We recall that $$ F_{\mu \nu}= \begin{pmatrix} 0 & -E_{1} & -E_{2} & -E_{3} \\ E_{1} & 0 & B_{3} & -B_{2} \\ E_{2} & -B_{3} & 0 & B_{1} \\ E_{3} & B_{2} & -B_{1} & 0 \end{pmatrix} \qquad F^{\mu \nu}= \begin{pmatrix} 0 & E_{1} & E_{2} & E_{3} \\ -E_{1} & 0 & B_{3} & -B_{2} \\ -E_{2} & -B_{3} & 0 & B_{1} \\ -E_{3} & B_{2} & -B_{1} & 0 \end{pmatrix} $$ 

• For $\mu=\nu=\lambda=0$, all terms in the LHS are equal to 0, the equation is trivial. $$ \partial_{0}\cancelto{ 0 }{ F_{00} }+\partial_{0}\cancelto{ 0 }{ F_{0 0} }+\partial_{0}\cancelto{ 0 }{ F_{00} }=0 $$ • For $\mu=\nu=0$ and $\lambda=i$, the LHS vanishes as well. $$ \begin{align} \partial_{0}F_{0i}+\partial_{0}F_{i 0}+\partial_{i}\cancelto{ 0 }{ F_{0 0} }&=0 \\ \partial_{0}E_{i}+\partial_{0}(-E_{i})&=0 \\ \partial_{0}(\cancel{ E_{i}-E_{i} })&=0 \end{align} $$

• For $\mu=i$, $\nu=j$ and $\lambda=0$ $$ \begin{align} \partial_{i}F_{j0}+\partial_{j}F_{0 i}+\partial_{0}F_{i j}&=0 \\ -\partial_{i}F^{j0}-\partial_{j}F^{0 i}+\partial_{0}F^{i j}&=0 \\ %\swarrow \quad\; &(F^{ij}=F_{ij}) \\ \underbrace{ \partial_{i}E_{j}-\partial_{j}E_{i} }_{\;\;\,\searrow}+\tilde{\epsilon}^{ijk}\partial_{0}B_{k}&=0 \\ \overbrace{ \tilde{\epsilon}^{ijk}\partial_{j}E_{k} }^{ } +\tilde{\epsilon}^{ijk}\partial_{0}B_{k}&=0 \end{align} $$ The $\tilde{\epsilon}^{ijk}$ multiplies the two terms in the LHS either by 0, 1 or -1. In the first case, the equation is trivial. The two other cases are equivalent to each other. We have to keep the first $\tilde{\epsilon}$ to sum over the two $E$ terms. However, we can remove it from the $B$ term: the common $i$ index enforces the signs in the entire LHS. $$ \tilde{\epsilon}^{ijk}\partial_{j}E_{k}+\partial_{0}B^{i}=0 $$ We find the third part of (1.93).

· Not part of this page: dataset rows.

(* External edges are indexed by 'I_nE, internal edges by 'I_nI.
   The boundary map: an external edge e is attached at the vertex endE e,
   an internal edge i has initial vertex (endI i).1 and terminal vertex (endI i).2. *)
Definition graph_connected (V : finType) (nI : nat) (endI : 'I_nI -> V * V) : Prop :=
  forall v w : V,
    connect (fun x y => [exists i : 'I_nI, (endI i == (x, y)) || (endI i == (y, x))]) v w.

Definition edge (nE nI : nat) := ('I_nE + 'I_nI)%type.

Definition edge_interval (nE nI : nat) (a : 'I_nI -> R) (j : edge nE nI) : set R :=
  match j with
  | inl _ => `[0%R, +oo[%classic
  | inr i => `[0%R, a i]%classic
  end.

Definition L2on (I : set R) (f : R -> R) : Prop :=
  measurable_fun I f /\ mu.-integrable I (fun x => ((f x) ^+ 2)%:E).

(* u is absolutely continuous on I with (a.e.) derivative phi, phi is absolutely
   continuous on I with (a.e.) derivative chi, and u, chi are in L^2(I).
   (Absolute continuity is expressed through Lebesgue's characterization:
   u x = u 0 + \int_0^x phi with phi locally integrable.) *)
Definition H2data (I : set R) (u phi chi : R -> R) : Prop :=
  [/\ forall x, I x -> mu.-integrable `[0%R, x] (EFin \o phi)
                       /\ mu.-integrable `[0%R, x] (EFin \o chi),
      forall x, I x -> u x = u 0 + Rintegral mu `[0%R, x] phi,
      forall x, I x -> phi x = phi 0 + Rintegral mu `[0%R, x] chi,
      L2on I u & L2on I chi].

• For $\mu=i$, $\nu=j$ and $\lambda=k$ $$ \begin{align} \partial_{i}F_{jk}+\partial_{j}F_{k i}+\partial_{k}F_{i j}&=0 \\ \tilde{\epsilon}_{ljk}\partial_{i}B^{l}+\tilde{\epsilon}_{ilk}\partial_{j}B^{l}+\tilde{\epsilon}_{ijl}\partial_{k}B^{l}&=0 \\ \tilde{\epsilon}_{ijk}(\partial_{i}B^{i}+\partial_{j}B^{j}+\partial_{k}B^{k})&=0 \\ 3\times\partial_{i}B^{i}&=0 \\ \partial_{i}B^{i}&=0 \\ \end{align} $$ we find the fourth part of (1.93).